What is the performance penalty of XML data type in SQL Server when compared to NVARCHAR(MAX)?
If you do have XML, and you can be sure it's always XML, I would definitely recommend going that way. SQL Server stores XML in an optimized format - you don't even need any XML indices on that to benefit from it.
If you insert 5000 rows of a 5KB XML into an XML column, you get roughly 1250 pages = 9 MB. Inserting the same 5000 rows with the same 5KB XML into NVARCHAR(MAX) uses over 3700 pages or 29 MB - quite a difference!

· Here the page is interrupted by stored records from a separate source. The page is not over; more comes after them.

(* Between u and v = u + e the right derivative at v is squeezed between d and the slope of
   the chord from v to u + k, which is close to [slope u k] when e is small compared to k. *)
Lemma right_deriv_concave_right_cont u d eps : 0 < u < 1 -> right_deriv H u = Finite d -> 0 < eps ->
  exists dl, 0 < dl /\ forall v, u <= v < u + dl ->
    v < 1 /\ exists dv, right_deriv H v = Finite dv /\ Rabs (dv - d) < eps.
Proof.
  intros Hu Hd He. destruct (right_deriv_approx u d (d - eps / 2) Hu Hd ltac:(lra)) as [k [Hk Hs]].
  set (C := Rabs (H u - H 0) / u + Rabs (H 1 - H u) / (1 - u)).
  assert (C0 : 0 <= C).
  { unfold C. apply Rplus_le_le_0_compat; apply Rdiv_le_0_compat; try apply Rabs_pos; lra. }
  set (s := slope u k). set (D := C + Rabs s + eps).
  assert (D0 : 0 < D) by (unfold D; generalize (Rabs_pos s); lra).
  exists (Rmin (k / 2) (eps / 2 * k / D)). split.
  { apply Rmin_pos; [lra|]. apply Rdiv_lt_0_compat; [nra|lra]. }
  intros v Hv. generalize (Rmin_l (k / 2) (eps / 2 * k / D)) (Rmin_r (k / 2) (eps / 2 * k / D)).
  intros M1 M2. split; [lra|].
  destruct (Req_dec v u) as [->|Hne].
  { exists d. split; [exact Hd|]. rewrite Rminus_diag, Rabs_R0. lra. }
  destruct (right_deriv_concave v ltac:(lra)) as [dv [Hdv _]]. exists dv. split; [exact Hdv|].
  set (e := v - u).
  assert (HeD : e * D <= eps / 2 * k).
  { apply Rlt_le. apply Rlt_div_r; [lra|]. unfold e. lra. }
  assert (Hupper : dv <= d).
  { generalize (right_deriv_le_chord v u dv ltac:(lra) Hdv ltac:(lra))
      (slope_le_right_deriv u (v - u) d Hu Hd ltac:(lra)).
    unfold slope. replace (u + (v - u)) with v by ring. lra. }
  assert (Hlower : s - eps / 2 <= dv).
  { generalize (slope_le_right_deriv v (u + k - v) dv ltac:(lra) Hdv ltac:(lra)). unfold slope.
    replace (v + (u + k - v)) with (u + k) by ring. intros Q. eapply Rle_trans; [|exact Q].
    generalize (concave_lipschitz_interior u v Hu ltac:(lra)). fold C.
    rewrite (Rabs_right (v - u)) by lra. intros L. apply Rabs_le_between in L. fold e in L.
    assert (Hsk : H (u + k) - H u = s * k) by (unfold s, slope; field; lra).
    apply Rle_div_r; [lra|].
    replace (u + k - v) with (k - e) by (unfold e; ring).
    assert (e * (C - s + eps / 2) <= e * D).
    { apply Rmult_le_compat_l; [unfold e; lra|]. unfold D. generalize (Rle_abs (- s)).
      rewrite Rabs_Ropp. lra. }
    nra. }
  unfold s in *. apply Rabs_def1; lra.
Qed.

Lemma right_deriv01_right_continuous u : 0 < u < 1 -> right_continuous01 (right_deriv01 H) u.
Proof.
  intros Hu P HP. destruct (right_deriv_concave u Hu) as [d [Hd _]].
  rewrite right_deriv01_ne1, Hd in HP by lra. destruct HP as [eps HP].
  destruct (right_deriv_concave_right_cont u d eps Hu Hd (cond_pos eps)) as [dl [Hdl K]].
  exists dl. split; [exact Hdl|]. intros v Hv Hvdl.
  destruct (K v ltac:(lra)) as [Hv1 [dv [Hdv Hclose]]].
  rewrite right_deriv01_ne1, Hdv by lra. apply HP. exists dv. split; [reflexivity|exact Hclose].
Qed.

Lemma right_deriv_concave_at0 : H 0 = 0 -> steep_at0 H -> right_deriv H 0 = p_infty.
Proof.
  intros H0 Hsteep. apply (ext_lim_eq (at_right 0)). intros P [M HP].
  destruct (Hsteep M) as [h0 [Hh0 Hgt]].
  exists (mkposreal h0 (proj1 Hh0)). intros h Hh Hpos.
  change (Rabs (h - 0) < h0) in Hh. rewrite Rminus_0_r, Rabs_right in Hh by lra.
  apply HP. simpl.
  generalize (slope_nonincreasing 0 h h0 ltac:(lra) ltac:(lra) ltac:(lra)). unfold slope.
  rewrite !Rplus_0_l, H0, !Rminus_0_r. intros Hs. eapply Rlt_le_trans; [|exact Hs].
  apply Rlt_div_r; lra.
Qed.

Lemma right_deriv01_right_continuous_at0 : H 0 = 0 -> vanishing_at0 H -> steep_at0 H ->
  right_continuous01 (right_deriv01 H) 0.
Proof.
  intros H0 Hvan Hsteep P HP.
  rewrite right_deriv01_ne1, (right_deriv_concave_at0 H0 Hsteep) in HP by lra.
  destruct HP as [M HP].
  destruct (Hsteep (Rabs M + 1)) as [h0 [Hh0 Hgt]].
  destruct (Hvan (H h0 - (Rabs M + 1) * h0)) as [dl [Hdl Hsmall]]; [lra|].
  exists (Rmin (h0 / 2) dl). split; [apply Rmin_pos; lra|]. intros v Hv Hvdl.
  generalize (Rmin_l (h0 / 2) dl) (Rmin_r (h0 / 2) dl). intros M1 M2.
  rewrite right_deriv01_ne1 by lra.
  destruct (Req_dec v 0) as [->|Hv0].
  { rewrite (right_deriv_concave_at0 H0 Hsteep). apply HP. exact I. }
  destruct (right_deriv_concave v ltac:(lra)) as [dv [Hdv _]]. rewrite Hdv. apply HP. simpl.
  generalize (slope_le_right_deriv v (h0 - v) dv ltac:(lra) Hdv ltac:(lra)) (Hsmall v ltac:(lra)).
  unfold slope. replace (v + (h0 - v)) with h0 by ring. intros Hs Hv_small.
  assert (Rabs M + 1 < (H h0 - H v) / (h0 - v)).
  { apply Rlt_div_r; [lra|]. generalize (Rabs_pos M). nra. }
  generalize (Rle_abs M). lra.
Qed.

Lemma right_deriv01_concave_at1 : H 1 = 0 -> vanishing_at1 H -> steep_at1 H ->
  right_deriv01 H 1 = m_infty.
Proof.
  intros H1 Hvan Hsteep. unfold right_deriv01. destruct (Req_EM_T 1 1) as [_|C]; [|congruence].
  apply (ext_lim_eq (at_left 1)). intros P [M HP].
  destruct (Hsteep (Rabs M + 2)) as [u0 [Hu0 Hgt]].
  destruct (Hvan (1 - u0)) as [dl [Hdl Hsmall]]; [lra|].
  exists (mkposreal (Rmin (1 - u0) dl) ltac:(apply Rmin_pos; lra)). intros v Hv Hv1.
  change (Rabs (v - 1) < Rmin (1 - u0) dl) in Hv.
  generalize (Rmin_l (1 - u0) dl) (Rmin_r (1 - u0) dl). intros M1 M2.
  rewrite Rabs_left in Hv by lra.
  destruct (right_deriv_concave v ltac:(lra)) as [d [Hd _]]. rewrite Hd. apply HP. simpl.
  generalize (right_deriv_le_chord v u0 d ltac:(lra) Hd ltac:(lra)) (Hsmall v ltac:(lra)).
  intros Hchord Hv_small.
  assert ((H v - H u0) / (v - u0) < M); [|lra].
  apply Rlt_div_l; [lra|]. generalize (Rle_abs (- M)) (Rabs_pos M). rewrite Rabs_Ropp. nra.
Qed.

Lemma concave_continuous_on01 : (forall u, 0 <= u <= 1 -> 0 <= H u) -> H 0 = 0 -> H 1 = 0 ->
  vanishing_at0 H -> vanishing_at1 H -> continuous_on01 H.
Proof.
  intros Hnn H0 H1 Hvan0 Hvan1. apply continuous_on01_intro. intros u Hu eps He.
  destruct (Req_dec u 0) as [->|Hu0].
  { destruct (Hvan0 eps He) as [dl [Hdl Hsmall]]. exists dl. split; [exact Hdl|].
    intros v Hv Hvd. apply Rabs_def2 in Hvd.
    rewrite H0, Rminus_0_r, Rabs_right by (apply Rle_ge, Hnn, Hv). apply Hsmall. lra. }
  destruct (Req_dec u 1) as [->|Hu1].
  { destruct (Hvan1 eps He) as [dl [Hdl Hsmall]]. exists dl. split; [exact Hdl|].
    intros v Hv Hvd. apply Rabs_def2 in Hvd.
    rewrite H1, Rminus_0_r, Rabs_right by (apply Rle_ge, Hnn, Hv). apply Hsmall. lra. }
  set (C := Rabs (H u - H 0) / u + Rabs (H 1 - H u) / (1 - u)).
  assert (C0 : 0 <= C).
  { unfold C. apply Rplus_le_le_0_compat; apply Rdiv_le_0_compat; try apply Rabs_pos; lra. }
  exists (eps / (C + 1)). split; [apply Rdiv_lt_0_compat; lra|]. intros v Hv Hvd.
  apply Rlt_div_r in Hvd; [|lra].
  eapply Rle_lt_trans; [apply (concave_lipschitz_interior u v); lra|]. fold C.
  generalize (Rabs_pos (v - u)). nra.
Qed.

End ConcaveOn01.

Definition majorant_values (J : R -> R) (u y : R) : Prop :=
  exists g : R -> R, concave_on01 g /\ (forall v, 0 <= v <= 1 -> J v <= g v) /\ y = g u.

Lemma concave_on01_affine a b : concave_on01 (fun v => a + b * v).
Proof. intros x y t _ _ _. apply Req_le. ring. Qed.
Lemma dot_cross_vel_coord_Psi_u :
  dot3 (cross3 (vel_coord u0 v0 u1 v1) (Psi u0 v0)) (Psi_u u0 v0) = sin u0 * v1.
Proof. sphere_identity u0 v0. Qed.
End CoordinateIdentities.

Lemma vel_eq (u v : R -> R) (t : R) : ex_derive u t -> ex_derive v t ->
  vel u v t = vel_coord (u t) (v t) (Derive u t) (Derive v t).
Proof.
intros du dv; unfold vel, dcurve, curve, Psi, vel_coord, mk3, vx, vy, vz; cbn [fst snd].
f_equal; [f_equal|];
  (apply is_derive_unique; auto_derive; [repeat split; auto | eta_reduce; ring]).
Qed.

Lemma norm_vel (u v : R -> R) (t : R) : ex_derive u t -> ex_derive v t ->
  norm3 (vel u v t) = sqrt (sq_speed (u t) (Derive u t) (Derive v t)).
Proof. intros du dv; unfold norm3; rewrite vel_eq, dot_vel_coord by assumption; reflexivity. Qed.

Lemma sq_speed_pos_of_regular (u v : R -> R) (t : R) :
  ex_derive u t -> ex_derive v t -> norm3 (vel u v t) <> 0 ->
  0 < sq_speed (u t) (Derive u t) (Derive v t).
Proof.
intros du dv regular; rewrite norm_vel in regular by assumption.
assert (nonneg : 0 <= sq_speed (u t) (Derive u t) (Derive v t)) by (unfold sq_speed; nra).
destruct nonneg as [pos | zero]; [exact pos |].
rewrite <- zero, sqrt_0 in regular; contradiction.
Qed.

Lemma dot_unit_normal_xi (u v : R -> R) (t : R) : ex_derive u t -> ex_derive v t ->
  dot3 (unit_normal u v t) (xi_along u v t)
  = sin (u t) * Derive v t / sqrt (sq_speed (u t) (Derive u t) (Derive v t)).
Proof.
intros du dv; unfold unit_normal, xi_along, curve.
rewrite dot3_scal_l, norm_vel, vel_eq, dot_cross_vel_coord_Psi_u by assumption.
unfold Rdiv; ring.
Qed.

Definition stationarity_defect (alpha u0 u1 u2 v1 v2 : R) : R :=
  triple_coord u0 u1 u2 v1 v2 - alpha * sin u0 * v1 * sq_speed u0 u1 v1 / u0.

Lemma eq0_of_mul_coords_eq0 (k u0 u1 v1 d : R) :
  k <> 0 -> 0 < sq_speed u0 u1 v1 -> k * v1 * d = 0 -> k * u1 * d = 0 -> d = 0.
Proof.
intros k_neq0 speed_pos zero_v zero_u.
destruct (Req_dec d 0) as [zero | d_neq0]; [exact zero | exfalso].
assert (cancel : forall x, k * x * d = 0 -> x = 0).
{ intros x H; replace x with (k * x * d / (k * d)) by (field; auto); rewrite H; unfold Rdiv; ring. }
apply cancel in zero_v; apply cancel in zero_u; unfold sq_speed in speed_pos; subst; lra.
Qed.

(* Proves a rational identity involving [sqrt q] by treating [sqrt q] as an unknown [w]
   subject only to [w ^ 2 = q] and [w <> 0]. *)
Ltac field_with_sqrt q q_pos :=
  fold_sqrt_as q;
  let w := fresh "w" in let w_sq := fresh "w_sq" in let w_neq0 := fresh "w_neq0" in
  pose proof (pow2_sqrt q (Rlt_le _ _ q_pos)) as w_sq;
  pose proof (Rgt_not_eq _ _ (sqrt_lt_R0 q q_pos)) as w_neq0;
  revert w_sq w_neq0; generalize (sqrt q); intros w w_sq w_neq0;
  unfold sq_speed in *;
  field_simplify_eq; [simpl pow in *; nsatz | repeat split; assumption || lra].

Section AlongCurve.
Variables (alpha : R) (u v : R -> R) (t : R).
Hypothesis near_derivable : locally t (fun s => ex_derive u s /\ ex_derive v s).
Hypothesis derivable2_u : ex_derive (Derive u) t.
Hypothesis derivable2_v : ex_derive (Derive v) t.
Hypothesis near_regular : locally t (fun s => 0 < sq_speed (u s) (Derive u s) (Derive v s)).
Hypothesis in_chart : 0 < u t < PI.

Let derivable_u : ex_derive u t := proj1 (locally_singleton _ _ near_derivable).
Let derivable_v : ex_derive v t := proj2 (locally_singleton _ _ near_derivable).
Let regular : 0 < sq_speed (u t) (Derive u t) (Derive v t) := locally_singleton _ _ near_regular.
Let W := sqrt (sq_speed (u t) (Derive u t) (Derive v t)).
Let W_pos : 0 < W := sqrt_lt_R0 _ regular.
Let defect :=
  stationarity_defect alpha (u t) (Derive u t) (Derive (Derive u) t) (Derive v t) (Derive (Derive v) t).

Lemma acc_eq : acc u v t
  = acc_coord (u t) (v t) (Derive u t) (Derive v t) (Derive (Derive u) t) (Derive (Derive v) t).
Proof.
assert (acc_vel_coord :
  acc u v t = dcurve (fun s => vel_coord (u s) (v s) (Derive u s) (Derive v s)) t).
{ unfold acc, dcurve; f_equal; apply Derive_ext_loc;
    generalize near_derivable; apply filter_imp; intros s [du dv]; now rewrite vel_eq. }
rewrite acc_vel_coord; unfold dcurve, vel_coord, acc_coord, mk3, vx, vy, vz; cbn [fst snd].
f_equal; [f_equal|];
  (apply is_derive_unique; auto_derive; [repeat split; auto | eta_reduce; ring]).
Qed.
Definition acc (M : NPTM) (x : seq bool) : nat := (paths M x).1.
Definition rej (M : NPTM) (x : seq bool) : nat := (paths M x).2.
Definition tot (M : NPTM) (x : seq bool) : nat := (acc M x + rej M x).-1.

Definition TotP (f : seq bool -> nat) : Prop :=
  exists M : NPTM, forall x, f x = tot M x.

Definition GapP (f : seq bool -> int) : Prop :=
  exists M : NPTM, forall x, f x = ((acc M x)%:Z - (rej M x)%:Z)%R.

Definition Gap_totP (f : seq bool -> int) : Prop :=
  exists g h : seq bool -> nat,
    [/\ TotP g, TotP h & forall x, f x = ((g x)%:Z - (h x)%:Z)%R].

From mathcomp Require Import all_boot all_algebra.
From mathcomp Require Import zify.
Set Implicit Arguments. Unset Strict Implicit. Unset Printing Implicit Defensive.

(* Both inclusions are machine constructions, and the path counts of each new
   machine are read off by one simulation lemma: a projection of configurations
   that commutes with [step] on an invariant transports the (accepting,
   rejecting) counts through an additive map.
   GapP in Gap_totP: for a machine M with a accepting and r rejecting paths,
   let M_b run M and then split every halting path whose verdict is b in two,
   accepting everywhere. M_true has 2a + r paths and M_false has a + 2r, so
   tot M_true - tot M_false = a - r.
   Gap_totP in GapP: given M1 and M2, branch once into M1 or M2, accepting on
   every path of M1 and rejecting on every path of M2; then
   acc - rej = (tot M1 + 1) - (tot M2 + 1). *)

Definition verdict (M : NTM) (c : config M) : nat * nat :=
  if qacc M (state c) then (1, 0) else (0, 1).

Definition run_all (M : NTM) (f : nat) (s : seq (config M)) : option (nat * nat) :=
  foldr (fun c acc => add_opt (run f c) acc) (Some (0, 0)) s.

Lemma run_halt (M : NTM) f (c : config M) : step c = [::] -> run f c = Some (verdict c).
Proof. by case: f => [|f] /= ->. Qed.

Lemma run0_step (M : NTM) (c : config M) : step c != [::] -> run 0 c = None.
Proof. by rewrite /=; case: (step c). Qed.

Lemma run_step (M : NTM) f (c : config M) : step c != [::] -> run f.+1 c = run_all f (step c).
Proof. by rewrite /= /run_all; case: (step c). Qed.

Section Simulation.

Variables (N M : NTM) (P : pred (config N)) (pi : config N -> config M).
Variables (k : nat) (h : nat * nat -> nat * nat).
Hypothesis h0 : h (0, 0) = (0, 0).
Hypothesis hD : {morph omap h : u v / add_opt u v}.
Hypothesis sim_step : forall c, P c -> step (pi c) != [::] ->
  map pi (step c) = step (pi c) /\ all P (step c).
Hypothesis sim_halt : forall f c, P c -> step (pi c) = [::] ->
  run (f + k) c = Some (h (verdict (pi c))).

Lemma run_sim f c p : P c -> run f (pi c) = Some p -> run (f + k) c = Some (h p).
Proof.
elim: f c p => [|f IH] c p Pc.
all: have [halt|moving] := eqVneq (step (pi c)) [::];
  first by rewrite run_halt // => -[<-]; apply: sim_halt.
  by rewrite run0_step.
have [Epi Pstep] := sim_step Pc moving.
have moving' : step c != [::] by move: moving; rewrite -Epi; case: (step c).
rewrite run_step // addSn run_step // -Epi /run_all.
elim: (step c) Pstep p {Epi moving moving'} => [|c1 s IHs] /= Pstep p.
  by move=> [<-]; rewrite h0.
case/andP: Pstep => P1 Ps.
case E1: (run f (pi c1)) => [[a1 r1]|]; case Es: (foldr _ _ (map pi s)) => [[a2 r2]|] // Ep.
by rewrite (IH _ _ P1 E1) (IHs Ps _ Es) -[Some (h p)]/(omap h (Some p)) -Ep hD.
Qed.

And that difference should be even more pronounced if you can associate your XML with a XML schema stored in SQL Server. Plus you're also guaranteed that the XML stored conforms to a schema - can be very helpful at times! Can't do that with a plain NVARCHAR(MAX) column...
And I don't agree that using XML over NVARCHAR(MAX) has any performance penalty - quite the contrary. Since you're potentially retrieving less data from SQL Server when you're about to display or fetch the content, I would argue it's even a tad faster than NVARCHAR(MAX).
This benchmark shows XML data type using less IO but a little more CPU than VARCHAR(MAX). I would think NVARCHAR(MAX) would take even more IO since it's unicode.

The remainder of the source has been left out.